◆ What to do
From the records below, transcribe only the lines running from the one with "Theorem mainTheorem3 (R : realType) (n : nat)" through the one with "let lamv : 'rV[R]_(T.+1)". Keep both of those end lines.

◆ Given data
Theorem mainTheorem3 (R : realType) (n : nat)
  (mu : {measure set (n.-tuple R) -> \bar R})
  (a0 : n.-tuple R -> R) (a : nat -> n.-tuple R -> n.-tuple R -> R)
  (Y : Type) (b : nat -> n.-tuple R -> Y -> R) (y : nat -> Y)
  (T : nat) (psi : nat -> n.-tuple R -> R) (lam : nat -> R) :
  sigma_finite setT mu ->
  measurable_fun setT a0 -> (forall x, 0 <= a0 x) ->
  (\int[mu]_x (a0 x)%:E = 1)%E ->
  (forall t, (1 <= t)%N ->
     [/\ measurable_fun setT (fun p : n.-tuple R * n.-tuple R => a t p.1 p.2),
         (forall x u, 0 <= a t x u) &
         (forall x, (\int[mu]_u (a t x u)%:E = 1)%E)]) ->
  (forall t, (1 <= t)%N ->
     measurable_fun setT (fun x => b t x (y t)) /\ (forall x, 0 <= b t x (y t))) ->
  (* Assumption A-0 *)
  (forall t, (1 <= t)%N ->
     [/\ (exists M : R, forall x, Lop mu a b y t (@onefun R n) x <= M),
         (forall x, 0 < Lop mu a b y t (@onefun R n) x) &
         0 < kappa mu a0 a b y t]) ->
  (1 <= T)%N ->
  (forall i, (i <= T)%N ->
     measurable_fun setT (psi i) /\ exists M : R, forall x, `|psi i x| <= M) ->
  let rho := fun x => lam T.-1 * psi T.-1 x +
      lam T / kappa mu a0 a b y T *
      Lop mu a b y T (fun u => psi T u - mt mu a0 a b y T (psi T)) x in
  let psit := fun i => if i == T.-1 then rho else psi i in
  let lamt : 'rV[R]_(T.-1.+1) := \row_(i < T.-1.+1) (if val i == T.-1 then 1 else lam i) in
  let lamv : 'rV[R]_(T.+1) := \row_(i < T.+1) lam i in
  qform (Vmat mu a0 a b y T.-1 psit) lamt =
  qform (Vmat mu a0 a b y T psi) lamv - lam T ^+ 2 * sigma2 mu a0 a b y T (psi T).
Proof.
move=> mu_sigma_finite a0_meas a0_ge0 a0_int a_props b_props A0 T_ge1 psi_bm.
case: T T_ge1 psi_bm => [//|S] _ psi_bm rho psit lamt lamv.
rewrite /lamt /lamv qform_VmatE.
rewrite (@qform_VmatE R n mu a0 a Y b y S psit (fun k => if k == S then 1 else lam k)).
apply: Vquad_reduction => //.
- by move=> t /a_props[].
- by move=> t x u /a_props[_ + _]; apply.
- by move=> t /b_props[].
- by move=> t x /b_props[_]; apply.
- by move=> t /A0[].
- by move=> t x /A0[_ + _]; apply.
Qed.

==

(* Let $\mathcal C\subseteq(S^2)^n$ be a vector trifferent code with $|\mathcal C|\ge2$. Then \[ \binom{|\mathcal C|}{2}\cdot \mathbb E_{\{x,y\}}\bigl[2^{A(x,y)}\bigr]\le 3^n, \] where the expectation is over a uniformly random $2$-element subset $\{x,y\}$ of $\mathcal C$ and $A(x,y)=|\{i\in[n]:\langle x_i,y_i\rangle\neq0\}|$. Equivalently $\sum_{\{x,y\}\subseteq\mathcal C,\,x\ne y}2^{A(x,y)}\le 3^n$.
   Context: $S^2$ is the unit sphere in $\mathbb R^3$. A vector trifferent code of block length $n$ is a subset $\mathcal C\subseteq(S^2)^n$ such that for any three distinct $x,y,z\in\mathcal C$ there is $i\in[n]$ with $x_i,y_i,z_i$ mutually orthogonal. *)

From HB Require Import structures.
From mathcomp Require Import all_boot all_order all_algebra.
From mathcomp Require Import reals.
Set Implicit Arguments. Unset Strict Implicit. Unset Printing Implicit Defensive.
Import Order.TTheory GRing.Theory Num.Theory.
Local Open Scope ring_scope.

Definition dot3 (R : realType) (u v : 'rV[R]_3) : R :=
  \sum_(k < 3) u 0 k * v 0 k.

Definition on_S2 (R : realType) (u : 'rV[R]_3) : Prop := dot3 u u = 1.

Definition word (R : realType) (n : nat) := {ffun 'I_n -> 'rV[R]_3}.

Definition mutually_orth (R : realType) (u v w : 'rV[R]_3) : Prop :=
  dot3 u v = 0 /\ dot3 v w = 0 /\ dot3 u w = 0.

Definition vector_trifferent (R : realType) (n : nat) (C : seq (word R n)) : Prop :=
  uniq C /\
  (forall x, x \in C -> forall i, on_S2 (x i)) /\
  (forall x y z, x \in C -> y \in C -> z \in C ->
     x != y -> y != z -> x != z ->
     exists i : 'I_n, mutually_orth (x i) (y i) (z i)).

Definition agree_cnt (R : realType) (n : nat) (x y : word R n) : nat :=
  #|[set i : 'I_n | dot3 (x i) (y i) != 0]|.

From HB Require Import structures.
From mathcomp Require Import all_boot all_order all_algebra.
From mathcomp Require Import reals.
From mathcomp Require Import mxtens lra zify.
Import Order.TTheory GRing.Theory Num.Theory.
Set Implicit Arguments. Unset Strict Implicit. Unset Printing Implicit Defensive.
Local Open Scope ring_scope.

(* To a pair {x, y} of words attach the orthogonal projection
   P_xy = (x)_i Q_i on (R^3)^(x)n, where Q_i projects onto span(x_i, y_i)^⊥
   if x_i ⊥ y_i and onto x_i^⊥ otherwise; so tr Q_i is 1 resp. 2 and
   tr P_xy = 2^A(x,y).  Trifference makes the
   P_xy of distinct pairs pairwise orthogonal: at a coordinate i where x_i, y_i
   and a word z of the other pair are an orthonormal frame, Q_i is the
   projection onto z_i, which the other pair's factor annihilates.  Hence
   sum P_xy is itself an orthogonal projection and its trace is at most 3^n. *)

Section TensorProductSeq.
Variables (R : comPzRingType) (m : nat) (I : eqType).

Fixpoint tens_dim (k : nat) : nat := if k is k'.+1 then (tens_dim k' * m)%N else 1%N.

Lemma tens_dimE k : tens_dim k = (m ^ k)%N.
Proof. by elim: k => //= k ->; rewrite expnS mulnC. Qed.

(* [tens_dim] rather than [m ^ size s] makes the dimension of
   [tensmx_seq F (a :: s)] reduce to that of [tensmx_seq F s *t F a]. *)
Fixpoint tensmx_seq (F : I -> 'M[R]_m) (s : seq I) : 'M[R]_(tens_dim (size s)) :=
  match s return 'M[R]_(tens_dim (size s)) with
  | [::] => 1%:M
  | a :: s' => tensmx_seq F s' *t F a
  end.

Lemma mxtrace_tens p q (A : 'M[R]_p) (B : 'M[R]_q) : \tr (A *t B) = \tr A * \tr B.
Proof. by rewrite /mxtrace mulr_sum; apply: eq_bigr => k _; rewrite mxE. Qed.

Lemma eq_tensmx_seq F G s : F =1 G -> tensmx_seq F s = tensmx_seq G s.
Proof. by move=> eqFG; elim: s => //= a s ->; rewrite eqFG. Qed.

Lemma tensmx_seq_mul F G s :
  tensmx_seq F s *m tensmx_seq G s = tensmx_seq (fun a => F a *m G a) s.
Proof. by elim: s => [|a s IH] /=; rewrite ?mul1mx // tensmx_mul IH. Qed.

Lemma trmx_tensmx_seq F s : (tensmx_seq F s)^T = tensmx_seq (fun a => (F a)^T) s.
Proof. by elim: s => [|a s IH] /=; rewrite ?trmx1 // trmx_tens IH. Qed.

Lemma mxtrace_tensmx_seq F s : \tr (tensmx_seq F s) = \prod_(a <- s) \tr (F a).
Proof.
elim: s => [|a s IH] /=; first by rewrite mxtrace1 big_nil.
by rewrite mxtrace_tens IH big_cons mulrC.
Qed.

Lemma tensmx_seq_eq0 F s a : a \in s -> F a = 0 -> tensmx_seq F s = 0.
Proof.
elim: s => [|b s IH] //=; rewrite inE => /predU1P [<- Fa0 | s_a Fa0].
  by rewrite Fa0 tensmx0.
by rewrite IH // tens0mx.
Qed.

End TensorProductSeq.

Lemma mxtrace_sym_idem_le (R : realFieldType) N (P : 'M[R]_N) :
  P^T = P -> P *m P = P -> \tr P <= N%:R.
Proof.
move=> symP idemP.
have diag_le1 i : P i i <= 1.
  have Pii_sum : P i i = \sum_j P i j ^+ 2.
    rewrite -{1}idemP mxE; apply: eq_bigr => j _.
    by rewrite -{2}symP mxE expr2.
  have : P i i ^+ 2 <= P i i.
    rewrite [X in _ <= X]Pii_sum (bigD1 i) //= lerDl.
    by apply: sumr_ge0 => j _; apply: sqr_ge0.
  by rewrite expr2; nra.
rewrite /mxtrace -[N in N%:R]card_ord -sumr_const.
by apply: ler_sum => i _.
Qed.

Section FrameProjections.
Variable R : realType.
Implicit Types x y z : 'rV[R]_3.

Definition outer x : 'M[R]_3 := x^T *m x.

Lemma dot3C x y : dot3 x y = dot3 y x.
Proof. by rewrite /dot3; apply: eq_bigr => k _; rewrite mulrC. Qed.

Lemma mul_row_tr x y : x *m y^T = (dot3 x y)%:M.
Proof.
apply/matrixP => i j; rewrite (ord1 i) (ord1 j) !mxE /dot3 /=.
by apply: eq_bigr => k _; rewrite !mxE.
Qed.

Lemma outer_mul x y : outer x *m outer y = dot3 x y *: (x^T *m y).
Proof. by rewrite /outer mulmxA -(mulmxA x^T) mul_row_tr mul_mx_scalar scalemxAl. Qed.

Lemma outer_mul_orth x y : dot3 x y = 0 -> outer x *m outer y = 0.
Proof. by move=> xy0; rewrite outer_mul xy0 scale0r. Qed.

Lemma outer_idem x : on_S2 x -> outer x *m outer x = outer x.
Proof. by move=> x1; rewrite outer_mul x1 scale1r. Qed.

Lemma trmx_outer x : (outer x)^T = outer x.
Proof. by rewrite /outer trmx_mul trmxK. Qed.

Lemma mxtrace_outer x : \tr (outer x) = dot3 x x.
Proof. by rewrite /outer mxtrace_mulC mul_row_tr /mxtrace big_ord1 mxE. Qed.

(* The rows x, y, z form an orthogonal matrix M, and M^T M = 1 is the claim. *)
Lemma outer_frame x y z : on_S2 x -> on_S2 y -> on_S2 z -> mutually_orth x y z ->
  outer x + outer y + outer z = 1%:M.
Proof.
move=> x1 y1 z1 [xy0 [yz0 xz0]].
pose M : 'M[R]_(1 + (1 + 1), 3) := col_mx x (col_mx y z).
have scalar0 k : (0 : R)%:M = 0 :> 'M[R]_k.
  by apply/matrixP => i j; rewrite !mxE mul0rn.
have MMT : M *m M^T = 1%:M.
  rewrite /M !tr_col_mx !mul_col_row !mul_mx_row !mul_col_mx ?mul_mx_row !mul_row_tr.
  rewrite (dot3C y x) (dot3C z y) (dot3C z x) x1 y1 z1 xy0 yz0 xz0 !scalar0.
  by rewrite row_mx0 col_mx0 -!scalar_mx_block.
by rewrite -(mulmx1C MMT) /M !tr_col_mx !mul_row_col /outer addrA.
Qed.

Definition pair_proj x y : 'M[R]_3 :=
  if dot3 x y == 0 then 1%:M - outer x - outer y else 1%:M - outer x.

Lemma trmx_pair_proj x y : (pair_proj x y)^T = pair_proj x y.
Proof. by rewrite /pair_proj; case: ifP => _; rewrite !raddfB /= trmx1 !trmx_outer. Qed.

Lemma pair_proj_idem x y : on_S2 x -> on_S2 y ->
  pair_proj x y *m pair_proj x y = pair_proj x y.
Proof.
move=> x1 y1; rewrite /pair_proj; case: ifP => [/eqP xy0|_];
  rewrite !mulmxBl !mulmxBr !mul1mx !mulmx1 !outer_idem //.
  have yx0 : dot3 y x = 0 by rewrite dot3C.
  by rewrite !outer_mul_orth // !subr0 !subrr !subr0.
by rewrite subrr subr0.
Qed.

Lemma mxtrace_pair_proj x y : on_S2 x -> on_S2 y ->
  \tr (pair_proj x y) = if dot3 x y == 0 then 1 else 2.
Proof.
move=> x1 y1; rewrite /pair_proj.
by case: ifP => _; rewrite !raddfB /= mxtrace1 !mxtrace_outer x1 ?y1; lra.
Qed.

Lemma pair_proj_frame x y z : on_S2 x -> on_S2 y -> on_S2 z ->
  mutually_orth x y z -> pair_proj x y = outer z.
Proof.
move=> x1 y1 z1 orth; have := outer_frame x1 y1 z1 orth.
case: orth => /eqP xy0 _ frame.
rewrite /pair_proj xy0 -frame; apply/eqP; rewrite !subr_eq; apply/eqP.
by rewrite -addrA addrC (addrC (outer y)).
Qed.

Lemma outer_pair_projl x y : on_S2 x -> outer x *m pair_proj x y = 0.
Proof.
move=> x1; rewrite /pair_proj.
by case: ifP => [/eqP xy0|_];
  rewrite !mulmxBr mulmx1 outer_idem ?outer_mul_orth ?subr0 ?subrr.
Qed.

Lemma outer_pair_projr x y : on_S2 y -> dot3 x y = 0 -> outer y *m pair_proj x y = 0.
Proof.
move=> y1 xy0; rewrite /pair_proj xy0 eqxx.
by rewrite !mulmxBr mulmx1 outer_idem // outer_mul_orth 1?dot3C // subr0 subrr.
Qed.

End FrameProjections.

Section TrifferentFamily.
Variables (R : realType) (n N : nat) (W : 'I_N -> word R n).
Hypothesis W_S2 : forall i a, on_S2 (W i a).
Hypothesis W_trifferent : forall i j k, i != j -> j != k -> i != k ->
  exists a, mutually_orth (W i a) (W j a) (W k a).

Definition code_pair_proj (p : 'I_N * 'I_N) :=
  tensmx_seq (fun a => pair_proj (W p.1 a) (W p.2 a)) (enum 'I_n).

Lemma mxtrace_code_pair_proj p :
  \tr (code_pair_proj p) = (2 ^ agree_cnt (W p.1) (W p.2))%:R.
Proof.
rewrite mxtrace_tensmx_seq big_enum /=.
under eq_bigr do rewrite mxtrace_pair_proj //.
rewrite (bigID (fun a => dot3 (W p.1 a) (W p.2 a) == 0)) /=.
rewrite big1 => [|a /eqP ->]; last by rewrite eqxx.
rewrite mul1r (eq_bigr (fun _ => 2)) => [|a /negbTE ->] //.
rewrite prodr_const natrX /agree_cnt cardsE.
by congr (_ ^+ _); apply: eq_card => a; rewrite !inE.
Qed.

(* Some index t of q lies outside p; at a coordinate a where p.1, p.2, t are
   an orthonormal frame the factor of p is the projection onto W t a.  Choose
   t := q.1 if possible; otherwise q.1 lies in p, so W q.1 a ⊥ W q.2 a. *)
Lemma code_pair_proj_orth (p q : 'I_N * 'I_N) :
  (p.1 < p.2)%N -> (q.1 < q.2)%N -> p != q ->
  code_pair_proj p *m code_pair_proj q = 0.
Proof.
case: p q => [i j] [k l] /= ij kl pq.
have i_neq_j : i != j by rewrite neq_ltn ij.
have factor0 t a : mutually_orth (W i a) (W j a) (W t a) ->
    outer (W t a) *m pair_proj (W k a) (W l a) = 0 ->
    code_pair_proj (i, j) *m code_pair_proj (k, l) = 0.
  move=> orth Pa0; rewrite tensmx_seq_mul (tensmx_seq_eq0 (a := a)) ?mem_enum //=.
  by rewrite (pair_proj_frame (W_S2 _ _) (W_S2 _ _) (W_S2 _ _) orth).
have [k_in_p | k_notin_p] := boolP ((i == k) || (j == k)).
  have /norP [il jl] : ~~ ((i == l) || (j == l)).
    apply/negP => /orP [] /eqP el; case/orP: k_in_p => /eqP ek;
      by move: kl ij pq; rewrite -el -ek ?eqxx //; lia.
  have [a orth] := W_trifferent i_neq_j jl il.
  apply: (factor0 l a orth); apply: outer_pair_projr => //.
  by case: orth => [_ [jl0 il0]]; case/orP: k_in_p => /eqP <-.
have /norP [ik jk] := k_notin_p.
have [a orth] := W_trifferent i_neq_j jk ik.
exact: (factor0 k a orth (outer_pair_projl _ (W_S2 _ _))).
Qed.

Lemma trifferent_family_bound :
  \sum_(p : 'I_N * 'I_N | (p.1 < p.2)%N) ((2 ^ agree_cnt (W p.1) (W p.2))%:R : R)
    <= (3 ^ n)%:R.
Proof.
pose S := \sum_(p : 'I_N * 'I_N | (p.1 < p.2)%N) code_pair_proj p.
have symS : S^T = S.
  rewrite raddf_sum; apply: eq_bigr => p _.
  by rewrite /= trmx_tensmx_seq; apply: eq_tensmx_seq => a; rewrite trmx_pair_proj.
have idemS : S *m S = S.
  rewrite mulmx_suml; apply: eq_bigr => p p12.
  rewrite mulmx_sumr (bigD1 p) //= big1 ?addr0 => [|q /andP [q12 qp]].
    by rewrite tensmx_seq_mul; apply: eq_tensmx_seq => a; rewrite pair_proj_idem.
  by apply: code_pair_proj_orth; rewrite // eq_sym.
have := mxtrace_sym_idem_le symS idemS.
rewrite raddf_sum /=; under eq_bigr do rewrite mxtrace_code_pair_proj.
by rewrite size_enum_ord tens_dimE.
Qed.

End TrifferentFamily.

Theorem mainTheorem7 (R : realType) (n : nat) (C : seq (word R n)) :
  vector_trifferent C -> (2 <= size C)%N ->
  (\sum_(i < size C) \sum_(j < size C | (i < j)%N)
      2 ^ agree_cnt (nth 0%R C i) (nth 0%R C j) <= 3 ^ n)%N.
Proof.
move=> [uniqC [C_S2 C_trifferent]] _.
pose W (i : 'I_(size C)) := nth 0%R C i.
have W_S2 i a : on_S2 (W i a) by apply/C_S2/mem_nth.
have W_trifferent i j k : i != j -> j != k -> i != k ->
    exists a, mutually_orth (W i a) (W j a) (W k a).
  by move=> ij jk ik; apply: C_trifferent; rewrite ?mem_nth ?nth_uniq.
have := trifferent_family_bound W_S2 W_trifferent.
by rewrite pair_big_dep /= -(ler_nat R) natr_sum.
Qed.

==

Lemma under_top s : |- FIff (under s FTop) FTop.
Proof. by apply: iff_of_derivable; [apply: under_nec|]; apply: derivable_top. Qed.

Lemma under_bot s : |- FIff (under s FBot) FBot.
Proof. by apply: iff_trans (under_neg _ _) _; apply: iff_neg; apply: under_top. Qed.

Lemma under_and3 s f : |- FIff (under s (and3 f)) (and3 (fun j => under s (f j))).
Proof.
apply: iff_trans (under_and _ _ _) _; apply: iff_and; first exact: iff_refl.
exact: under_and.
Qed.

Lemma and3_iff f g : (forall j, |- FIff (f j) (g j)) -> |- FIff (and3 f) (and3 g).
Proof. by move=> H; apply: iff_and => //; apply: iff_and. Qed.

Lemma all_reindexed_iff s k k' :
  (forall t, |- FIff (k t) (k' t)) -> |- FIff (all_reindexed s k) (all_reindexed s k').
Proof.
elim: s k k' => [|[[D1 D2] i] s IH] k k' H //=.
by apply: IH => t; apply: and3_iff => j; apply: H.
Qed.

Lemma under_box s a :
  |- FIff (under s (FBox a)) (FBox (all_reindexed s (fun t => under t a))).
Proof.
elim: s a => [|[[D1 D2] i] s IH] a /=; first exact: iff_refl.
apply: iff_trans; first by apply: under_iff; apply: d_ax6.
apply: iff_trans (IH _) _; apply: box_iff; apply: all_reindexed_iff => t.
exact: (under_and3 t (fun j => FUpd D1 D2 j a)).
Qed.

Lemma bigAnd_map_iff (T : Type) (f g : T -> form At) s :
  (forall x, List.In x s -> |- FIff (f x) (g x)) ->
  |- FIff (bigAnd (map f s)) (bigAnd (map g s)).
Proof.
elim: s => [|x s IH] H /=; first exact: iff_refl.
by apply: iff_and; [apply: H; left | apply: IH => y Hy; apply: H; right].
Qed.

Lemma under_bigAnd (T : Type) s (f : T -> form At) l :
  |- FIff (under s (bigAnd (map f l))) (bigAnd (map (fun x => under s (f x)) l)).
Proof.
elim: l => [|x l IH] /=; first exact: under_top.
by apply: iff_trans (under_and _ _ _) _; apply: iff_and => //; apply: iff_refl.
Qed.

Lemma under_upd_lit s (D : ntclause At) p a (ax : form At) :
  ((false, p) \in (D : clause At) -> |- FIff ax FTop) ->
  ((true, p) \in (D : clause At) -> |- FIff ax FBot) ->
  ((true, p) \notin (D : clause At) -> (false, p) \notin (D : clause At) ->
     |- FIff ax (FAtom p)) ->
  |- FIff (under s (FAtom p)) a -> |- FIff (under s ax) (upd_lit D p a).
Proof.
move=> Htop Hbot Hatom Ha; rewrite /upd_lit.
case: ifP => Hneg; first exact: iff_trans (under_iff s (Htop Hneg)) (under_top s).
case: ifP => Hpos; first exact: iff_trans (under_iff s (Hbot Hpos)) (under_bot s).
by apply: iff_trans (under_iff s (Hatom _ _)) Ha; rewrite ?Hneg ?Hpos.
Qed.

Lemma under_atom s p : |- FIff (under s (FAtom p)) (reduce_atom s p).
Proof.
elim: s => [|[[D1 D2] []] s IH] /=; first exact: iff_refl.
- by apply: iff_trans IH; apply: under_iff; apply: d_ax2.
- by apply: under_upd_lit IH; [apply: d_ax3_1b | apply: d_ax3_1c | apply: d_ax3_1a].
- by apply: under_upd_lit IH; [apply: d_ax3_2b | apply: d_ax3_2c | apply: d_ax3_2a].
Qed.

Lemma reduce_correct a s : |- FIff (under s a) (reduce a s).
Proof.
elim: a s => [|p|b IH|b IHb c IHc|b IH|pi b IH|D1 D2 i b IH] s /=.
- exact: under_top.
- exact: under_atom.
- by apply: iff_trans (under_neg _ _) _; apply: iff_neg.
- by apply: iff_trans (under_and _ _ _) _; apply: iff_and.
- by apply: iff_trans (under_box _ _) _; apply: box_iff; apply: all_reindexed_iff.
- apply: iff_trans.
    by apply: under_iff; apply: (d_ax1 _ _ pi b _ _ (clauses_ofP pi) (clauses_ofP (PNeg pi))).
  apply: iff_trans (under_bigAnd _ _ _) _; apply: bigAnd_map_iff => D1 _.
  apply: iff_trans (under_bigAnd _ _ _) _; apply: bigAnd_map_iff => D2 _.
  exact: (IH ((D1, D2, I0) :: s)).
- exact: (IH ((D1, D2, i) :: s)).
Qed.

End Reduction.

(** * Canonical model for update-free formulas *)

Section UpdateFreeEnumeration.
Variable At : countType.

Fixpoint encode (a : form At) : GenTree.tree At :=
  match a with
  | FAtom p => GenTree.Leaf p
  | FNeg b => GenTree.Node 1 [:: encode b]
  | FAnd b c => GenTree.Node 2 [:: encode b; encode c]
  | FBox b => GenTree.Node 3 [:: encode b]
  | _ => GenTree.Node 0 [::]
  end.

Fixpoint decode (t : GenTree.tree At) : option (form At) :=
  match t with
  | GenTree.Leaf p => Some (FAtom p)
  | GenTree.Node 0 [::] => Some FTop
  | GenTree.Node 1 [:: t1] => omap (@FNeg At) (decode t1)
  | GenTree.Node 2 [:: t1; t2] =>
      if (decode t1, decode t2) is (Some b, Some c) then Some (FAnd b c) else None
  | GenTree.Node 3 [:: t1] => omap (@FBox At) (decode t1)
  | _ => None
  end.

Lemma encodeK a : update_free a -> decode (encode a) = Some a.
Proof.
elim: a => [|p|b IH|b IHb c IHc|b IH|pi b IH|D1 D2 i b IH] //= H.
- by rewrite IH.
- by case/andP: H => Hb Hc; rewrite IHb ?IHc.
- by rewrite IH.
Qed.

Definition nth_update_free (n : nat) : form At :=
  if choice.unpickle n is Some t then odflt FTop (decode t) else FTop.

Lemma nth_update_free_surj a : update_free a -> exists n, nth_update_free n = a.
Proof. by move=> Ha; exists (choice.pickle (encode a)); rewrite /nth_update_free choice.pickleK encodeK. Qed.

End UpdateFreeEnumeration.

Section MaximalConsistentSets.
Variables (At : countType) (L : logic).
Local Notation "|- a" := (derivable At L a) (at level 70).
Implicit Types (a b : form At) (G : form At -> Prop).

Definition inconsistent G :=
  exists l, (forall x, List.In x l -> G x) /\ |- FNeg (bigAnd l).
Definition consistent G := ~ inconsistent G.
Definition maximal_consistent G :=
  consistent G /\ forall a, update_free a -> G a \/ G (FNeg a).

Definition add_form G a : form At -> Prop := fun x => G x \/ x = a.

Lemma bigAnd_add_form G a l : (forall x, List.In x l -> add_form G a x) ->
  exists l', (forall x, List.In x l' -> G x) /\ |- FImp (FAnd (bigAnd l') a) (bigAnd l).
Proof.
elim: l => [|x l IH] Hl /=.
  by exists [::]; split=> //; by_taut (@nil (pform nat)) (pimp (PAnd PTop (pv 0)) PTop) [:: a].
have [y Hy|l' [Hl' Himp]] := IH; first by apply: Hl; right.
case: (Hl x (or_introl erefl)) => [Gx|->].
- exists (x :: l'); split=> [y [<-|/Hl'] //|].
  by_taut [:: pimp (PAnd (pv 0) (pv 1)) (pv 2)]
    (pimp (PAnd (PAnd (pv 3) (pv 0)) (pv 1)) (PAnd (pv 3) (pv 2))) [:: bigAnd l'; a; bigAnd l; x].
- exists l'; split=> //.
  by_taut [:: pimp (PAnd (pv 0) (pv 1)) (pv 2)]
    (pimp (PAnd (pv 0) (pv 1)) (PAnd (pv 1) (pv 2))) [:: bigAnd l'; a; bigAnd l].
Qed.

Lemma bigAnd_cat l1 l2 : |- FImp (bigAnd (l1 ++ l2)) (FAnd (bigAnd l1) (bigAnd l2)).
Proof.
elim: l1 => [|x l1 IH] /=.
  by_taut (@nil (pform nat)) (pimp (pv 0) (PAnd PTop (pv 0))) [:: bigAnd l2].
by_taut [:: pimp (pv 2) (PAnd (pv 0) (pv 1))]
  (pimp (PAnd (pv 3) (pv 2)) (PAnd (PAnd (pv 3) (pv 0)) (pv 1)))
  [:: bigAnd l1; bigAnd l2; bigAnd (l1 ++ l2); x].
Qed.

◆ Solution to the problem
Theorem mainTheorem3 (R : realType) (n : nat)
  (mu : {measure set (n.-tuple R) -> \bar R})
  (a0 : n.-tuple R -> R) (a : nat -> n.-tuple R -> n.-tuple R -> R)
  (Y : Type) (b : nat -> n.-tuple R -> Y -> R) (y : nat -> Y)
  (T : nat) (psi : nat -> n.-tuple R -> R) (lam : nat -> R) :
  sigma_finite setT mu ->
  measurable_fun setT a0 -> (forall x, 0 <= a0 x) ->
  (\int[mu]_x (a0 x)%:E = 1)%E ->
  (forall t, (1 <= t)%N ->
     [/\ measurable_fun setT (fun p : n.-tuple R * n.-tuple R => a t p.1 p.2),
         (forall x u, 0 <= a t x u) &
         (forall x, (\int[mu]_u (a t x u)%:E = 1)%E)]) ->
  (forall t, (1 <= t)%N ->
     measurable_fun setT (fun x => b t x (y t)) /\ (forall x, 0 <= b t x (y t))) ->
  (* Assumption A-0 *)
  (forall t, (1 <= t)%N ->
     [/\ (exists M : R, forall x, Lop mu a b y t (@onefun R n) x <= M),
         (forall x, 0 < Lop mu a b y t (@onefun R n) x) &
         0 < kappa mu a0 a b y t]) ->
  (1 <= T)%N ->
  (forall i, (i <= T)%N ->
     measurable_fun setT (psi i) /\ exists M : R, forall x, `|psi i x| <= M) ->
  let rho := fun x => lam T.-1 * psi T.-1 x +
      lam T / kappa mu a0 a b y T *
      Lop mu a b y T (fun u => psi T u - mt mu a0 a b y T (psi T)) x in
  let psit := fun i => if i == T.-1 then rho else psi i in
  let lamt : 'rV[R]_(T.-1.+1) := \row_(i < T.-1.+1) (if val i == T.-1 then 1 else lam i) in
  let lamv : 'rV[R]_(T.+1) := \row_(i < T.+1) lam i in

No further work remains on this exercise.